The board of Cairn India Ltd will meet on Tuesday to consider a proposal to buy back shares, a move which will help promoter Vedanta Group increase its stake in the company without putting in any money.
Cairn, which is sitting on a cash pile of about $3 billion (about Rs. 18,813 crore), in a filing to the stock exchanges said, “A meeting of the board of directors of the company will be held on November 26, 2013, to consider the proposal for buy back of equity shares of the company.”
Share buy-back is the process where a company repurchases outstanding shares in order to reduce the number of shares on the market.
Companies, as a rule, buy back shares either to increase the value of shares still available (reducing supply), or to eliminate any threats by shareholders who may be looking for a controlling stake.

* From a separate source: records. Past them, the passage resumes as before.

Lemma sum_cubes3_lt x y w z : 0 <= x -> 0 < y -> 0 < w -> 0 <= z ->
  z ^+ 2 = x ^+ 2 + y ^+ 2 + w ^+ 2 -> x ^+ 3 + y ^+ 3 + w ^+ 3 < z ^+ 3.
Proof.
move=> x_ge0 y_gt0 w_gt0 z_ge0 z2.
have x_le_z : x <= z by rewrite -(ler_pXn2r (_ : 0 < 2)%N) ?nnegrE //; nra.
have y_le_z : y <= z by rewrite -(ler_pXn2r (_ : 0 < 2)%N) ?nnegrE //; nra.
have w_lt_z : w < z by rewrite -(ltr_pXn2r (_ : 0 < 2)%N) ?nnegrE //; nra.
have := cube_le_mul_sqr x_ge0 x_le_z; have := cube_le_mul_sqr (ltW y_gt0) y_le_z.
have := cube_lt_mul_sqr w_gt0 w_lt_z.
have -> : z ^+ 3 = z * z ^+ 2 by rewrite exprS.
rewrite z2; lra.
Qed.

(* [(s^2 + s t + t^2) / (s + t) = (s^3 - t^3) / (s^2 - t^2)] is nondecreasing in [s] and [t]. *)
Lemma sqr_form_mul_le u w z y : 0 <= u -> u <= w -> w <= z -> u <= y -> y <= z ->
  (w ^+ 2 + w * u + u ^+ 2) * (z + y) <= (z ^+ 2 + z * y + y ^+ 2) * (w + u).
Proof.
move=> u_ge0 u_le_w w_le_z u_le_y y_le_z.
have [wy0|wy_neq0] := eqVneq (w + y) 0.
  have w0 : w = 0 by lra.
  have y0 : y = 0 by lra.
  have u0 : u = 0 by lra.
  by rewrite w0 y0 u0; nra.
have wy_gt0 : 0 < w + y by rewrite lt_def wy_neq0; lra.
rewrite -subr_ge0 -(pmulr_lge0 _ wy_gt0).
have -> : ((z ^+ 2 + z * y + y ^+ 2) * (w + u) - (w ^+ 2 + w * u + u ^+ 2) * (z + y)) * (w + y)
    = (z - w) * (z * w + y * z + y * w) * (w + u)
      + (y - u) * (y * u + w * y + w * u) * (z + y) by ring.
by apply: addr_ge0; apply: mulr_ge0; try apply: mulr_ge0; nra.
Qed.

(* Two-point Karamata inequality for [u |-> u^(3/2)]: [(z^2, u^2)] majorizes [(w^2, y^2)]. *)
Lemma sum_cubes_le_spread u w z y : 0 <= u -> u <= w -> w <= z -> 0 <= y ->
  y ^+ 2 + w ^+ 2 = z ^+ 2 + u ^+ 2 -> w ^+ 3 + y ^+ 3 <= z ^+ 3 + u ^+ 3.
Proof.
move=> u_ge0 u_le_w w_le_z y_ge0 sqr_eq.
have y_le_z : y <= z by nra.
have u_le_y : u <= y by nra.
have [wu0|wu_neq0] := eqVneq (w + u) 0.
  have w0 : w = 0 by lra.
  have u0 : u = 0 by lra.
  have -> : y = z by move: sqr_eq; rewrite w0 u0; nra.
  by rewrite w0 u0; lra.
have wu_gt0 : 0 < w + u by rewrite lt_def wu_neq0; lra.
have zy_gt0 : 0 < z + y by lra.
set f := z ^+ 2 - y ^+ 2.
have f_ge0 : 0 <= f by rewrite /f; nra.
have zy3 : (z ^+ 3 - y ^+ 3) * ((z + y) * (w + u)) = f * ((z ^+ 2 + z * y + y ^+ 2) * (w + u)).
  by rewrite /f; ring.
have wu3 : (w ^+ 3 - u ^+ 3) * ((z + y) * (w + u)) = f * ((w ^+ 2 + w * u + u ^+ 2) * (z + y)).
  have -> : f = w ^+ 2 - u ^+ 2 by rewrite /f; lra.
  ring.
suff : (w ^+ 3 - u ^+ 3) * ((z + y) * (w + u)) <= (z ^+ 3 - y ^+ 3) * ((z + y) * (w + u)).
  by rewrite ler_pM2r ?mulr_gt0 //; lra.
by rewrite zy3 wu3 ler_wpM2l // sqr_form_mul_le.
Qed.

Lemma sum_cubes_lt_spread u w z x y v : 0 <= u -> u <= w -> w <= z ->
  0 <= x -> 0 < y -> 0 < v -> x ^+ 2 + y ^+ 2 + v ^+ 2 + w ^+ 2 = z ^+ 2 + u ^+ 2 ->
  w ^+ 3 + x ^+ 3 + y ^+ 3 + v ^+ 3 < z ^+ 3 + u ^+ 3.
Proof.
move=> u_ge0 u_le_w w_le_z x_ge0 y_gt0 v_gt0 sqr_eq.
pose t := Num.sqrt (x ^+ 2 + y ^+ 2 + v ^+ 2).
have t2 : t ^+ 2 = x ^+ 2 + y ^+ 2 + v ^+ 2 by rewrite sqr_sqrtr //; nra.
have spread : t ^+ 2 + w ^+ 2 = z ^+ 2 + u ^+ 2 by rewrite t2.
have := sum_cubes_le_spread u_ge0 u_le_w w_le_z (sqrtr_ge0 _) spread.
have := sum_cubes3_lt x_ge0 y_gt0 v_gt0 (sqrtr_ge0 _) t2.
lra.
Qed.

Lemma sum_cubes_lt_top2 a b p q r d : 0 <= b -> b <= a -> 0 < p -> p <= a ->
  0 <= q -> q <= p -> q <= r -> 0 < d ->
  a ^+ 2 + b ^+ 2 = p ^+ 2 + r ^+ 2 + 2 * d ^+ 2 ->
  p ^+ 3 + q * r ^+ 2 + 2 * d ^+ 3 < a ^+ 3 + b ^+ 3.
Proof.
move=> b_ge0 b_le_a p_gt0 p_le_a q_ge0 q_le_p q_le_r d_gt0 sqr_eq.
have r_ge0 : 0 <= r by lra.
have qr_le_r3 : q * r ^+ 2 <= r ^+ 3 by rewrite [r ^+ 3]exprS ler_wpM2r ?sqr_ge0.
have [p_lt_b|b_le_p] := ltrP p b.
  have [d_le_b|b_lt_d] := lerP d b.
    have := cube_lt_mul_sqr p_gt0 p_lt_b; have := cube_le_mul_sqr (ltW d_gt0) d_le_b.
    have : q * r ^+ 2 <= b * r ^+ 2 by rewrite ler_wpM2r ?sqr_ge0 //; lra.
    have : b * a ^+ 2 <= a ^+ 3 by rewrite [a ^+ 3]exprS ler_wpM2r ?sqr_ge0.
    have -> : b ^+ 3 = b * b ^+ 2 by rewrite exprS.
    nra.
  have d_le_a : d <= a by nra.
  have := @sum_cubes_lt_spread b d a r d p b_ge0 (ltW b_lt_d) d_le_a r_ge0 d_gt0 p_gt0 ltac:(lra).
  lra.
have [r_le_p|p_lt_r] := lerP r p.
  have := @sum_cubes_lt_spread b p a r d d b_ge0 b_le_p p_le_a r_ge0 d_gt0 d_gt0 ltac:(lra).
  lra.
have r_le_a : r <= a by nra.
have := @sum_cubes_lt_spread b r a p d d b_ge0 (le_trans b_le_p (ltW p_lt_r)) r_le_a
  (ltW p_gt0) d_gt0 d_gt0 ltac:(lra).
lra.
Qed.

Lemma exists_min_mem c : c != [::] -> exists2 w, w \in c & {in c, forall x, w <= x}.
Proof.
elim: c => // x c IH _; have [->|/IH [w wc w_min]] := eqVneq c [::].
  by exists x => [|y]; rewrite ?mem_seq1 // => /eqP->.
have [x_le_w|w_lt_x] := lerP x w.
  exists x; first exact: mem_head.
  by move=> y; rewrite in_cons => /predU1P [->|/w_min]; [|apply: le_trans].
exists w; first by rewrite in_cons wc orbT.
by move=> y; rewrite in_cons => /predU1P [->|/w_min] //; rewrite ltW.
Qed.

Lemma ler_sum_mem (I : eqType) (r : seq I) (F : I -> R) i : i \in r ->
  {in r, forall j, 0 <= F j} -> F i <= \sum_(j <- r) F j.
Proof.
move=> ir F_ge0; rewrite (perm_big _ (perm_to_rem ir)) big_cons lerDl.
by rewrite big_seq sumr_ge0 // => j /mem_rem /F_ge0.
Qed.

(* The case [λ2 = -b < 0], once the other eigenvalues are bounded by their first two power
   sums. *)
Lemma cube_lt_mul_sqr_sub a b d : 0 < b -> 0 <= d -> 2 * b <= a -> a * b <= d ^+ 2 ->
  2 * d ^+ 2 <= a ^+ 2 - a * b + 2 * b ^+ 2 ->
  d ^+ 3 < (a + b) * (d ^+ 2 - b ^+ 2).
Proof.
move=> b_gt0 d_ge0 b2_le_a ab_le_d2 d2_le.
have d2_le_a2 : 2 * d ^+ 2 <= a ^+ 2 by nra.
have d_le_a : d <= 5 / 7 * a by rewrite -(@ler_pXn2r _ 2) ?nnegrE //; nra.
have : d ^+ 3 <= 5 / 7 * a * d ^+ 2 by apply: cube_le_mul_sqr.
have : (a + b) * b ^+ 2 < (2 / 7 * a + b) * d ^+ 2.
  have : (2 / 7 * a + b) * (a * b) <= (2 / 7 * a + b) * d ^+ 2 by rewrite ler_wpM2l //; lra.
  have : b ^+ 2 < 2 / 7 * a ^+ 2 by nra.
  nra.
nra.
Qed.

Lemma two_cube_lt_sum_cubes_snd_lt0 a b c d : b < 0 ->
  {in c, forall x, - a <= x <= b} -> c != [::] ->
  a + b + \sum_(x <- c) x = 0 -> 0 < d ->
  2 * d ^+ 2 = a ^+ 2 + b ^+ 2 - \sum_(x <- c) x ^+ 2 ->
  2 * d ^+ 3 < a ^+ 3 + b ^+ 3 + \sum_(x <- c) x ^+ 3.
Proof.
move=> b_lt0 c_bnd c_neq0 sum0 d_gt0 d2.
set S := \sum_(x <- c) x ^+ 2 in d2 *; set Sc := \sum_(x <- c) x in sum0.
have Sc_le_mem x : x \in c -> Sc <= x.
  move=> xc; rewrite -[x]opprK -[Sc]opprK lerN2 /Sc -sumrN.
  by apply: (ler_sum_mem (F := -%R)) => // y /c_bnd; lra.
have Sc_le_b : Sc <= b.
  have [x xc] : exists x, x \in c by case: (c) c_neq0 => // x ? _; exists x; apply: mem_head.
  by have := Sc_le_mem x xc; have := c_bnd x xc; lra.
have cubes_ge : (b - a) * S + a * b * Sc <= \sum_(x <- c) x ^+ 3.
  rewrite /S /Sc !mulr_sumr -big_split !big_seq /=; apply: ler_sum => x /c_bnd x_bnd.
  have : 0 <= x * (x + a) * (x - b) by apply: mulr_le0; [apply: mulr_le0_ge0|]; lra.
  nra.
have S_ge : b * Sc <= S.
  rewrite /S /Sc mulr_sumr !big_seq; apply: ler_sum => x /c_bnd x_bnd; nra.
have S_le : S <= Sc ^+ 2.
  rewrite expr2 {2}/Sc mulr_sumr /S !big_seq; apply: ler_sum => x xc.
  have := Sc_le_mem x xc; have := c_bnd x xc; nra.
have := @cube_lt_mul_sqr_sub a (- b) d ltac:(lra) (ltW d_gt0) ltac:(lra) ltac:(nra) ltac:(nra).
nra.
Qed.

Lemma two_cube_lt_sum_cubes_snd_ge0 a b c d : 0 <= b -> b <= a ->
  {in c, forall x, - a <= x} -> c != [::] ->
  a + b + \sum_(x <- c) x = 0 -> 0 < d ->
  2 * d ^+ 2 = a ^+ 2 + b ^+ 2 - \sum_(x <- c) x ^+ 2 ->
  2 * d ^+ 3 < a ^+ 3 + b ^+ 3 + \sum_(x <- c) x ^+ 3.
Proof.
move=> b_ge0 b_le_a c_ge c_neq0 sum0 d_gt0 d2.
have [w wc w_min] := exists_min_mem c_neq0.
set mid := rem w c.
have sum_c (F : R -> R) : \sum_(x <- c) F x = F w + \sum_(x <- mid) F x.
  by rewrite (perm_big _ (perm_to_rem wc)) big_cons.
have w_lt0 : w < 0.
  rewrite ltNge; apply/negP => w_ge0.
  have : 0 <= \sum_(x <- c) x by rewrite big_seq sumr_ge0 // => x /w_min; apply: le_trans.
  have : 0 <= \sum_(x <- c) x ^+ 2 by rewrite sumr_ge0 // => x _; rewrite sqr_ge0.
  nra.
set p := - w; set M := \sum_(x <- mid) x ^+ 2; set r := Num.sqrt M; set q := Num.min p r.
have r_ge0 : 0 <= r := sqrtr_ge0 M.
have sqr_le_M x : x \in mid -> `|x| <= r.
  move=> xm; rewrite /r -sqrtr_sqr ler_sqrt ?sumr_ge0 // => [|y _]; last exact: sqr_ge0.
  by apply: (ler_sum_mem (F := fun y => y ^+ 2)) => // y _; apply: sqr_ge0.
have mid_ge x : x \in mid -> - q <= x.
  move=> xm; rewrite lerNl le_min; apply/andP; split; first by rewrite lerN2 w_min ?(mem_rem xm).
  by apply: le_trans (sqr_le_M x xm); rewrite -normrN ler_norm.
have cubes_ge : - q * M <= \sum_(x <- mid) x ^+ 3.
  rewrite /M mulr_sumr !big_seq; apply: ler_sum => x /mid_ge x_ge.
  have : 0 <= x ^+ 2 * (x + q) by apply: mulr_ge0; [apply: sqr_ge0|lra].
  nra.
have q_ge0 : 0 <= q by rewrite le_min r_ge0 andbT /p; lra.
have q_le_p : q <= p by rewrite ge_min lexx.
have q_le_r : q <= r by rewrite ge_min lexx orbT.
have p_gt0 : 0 < p by rewrite /p; lra.
have p_le_a : p <= a by rewrite /p lerNl c_ge.
have r2 : r ^+ 2 = M by rewrite sqr_sqrtr // sumr_ge0 // => x _; apply: sqr_ge0.
have sqr_eq : a ^+ 2 + b ^+ 2 = p ^+ 2 + r ^+ 2 + 2 * d ^+ 2.
  by move: d2; rewrite sum_c -/M r2 /p sqrrN; lra.
have := sum_cubes_lt_top2 b_ge0 b_le_a p_gt0 p_le_a q_ge0 q_le_p q_le_r d_gt0 sqr_eq.
rewrite sum_c -/M r2 (_ : w ^+ 3 = - p ^+ 3); last by rewrite /p; ring.
by move: cubes_ge; rewrite mulNr; lra.
Qed.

As per the Securities and Exchange Board of India (Sebi) rules, Cairn will buy a pre-decided quantity of shares from the market at a rate which is likely to be higher than current trading price. Such shares will be held as treasury stock and eventually extinguished. This will lead to its promoter Vedanta Group’s stake in the company going up without putting in any money.
Non-resident Indian billionaire Anil Agarwal-led Vedanta Group holds 58.76% stake in Cairn India.
UK’s Cairn Energy, which had sold majority stake in Cairn India to Vedanta Group, still holds 10.27% shares and may look at the share buy-back programme to exit.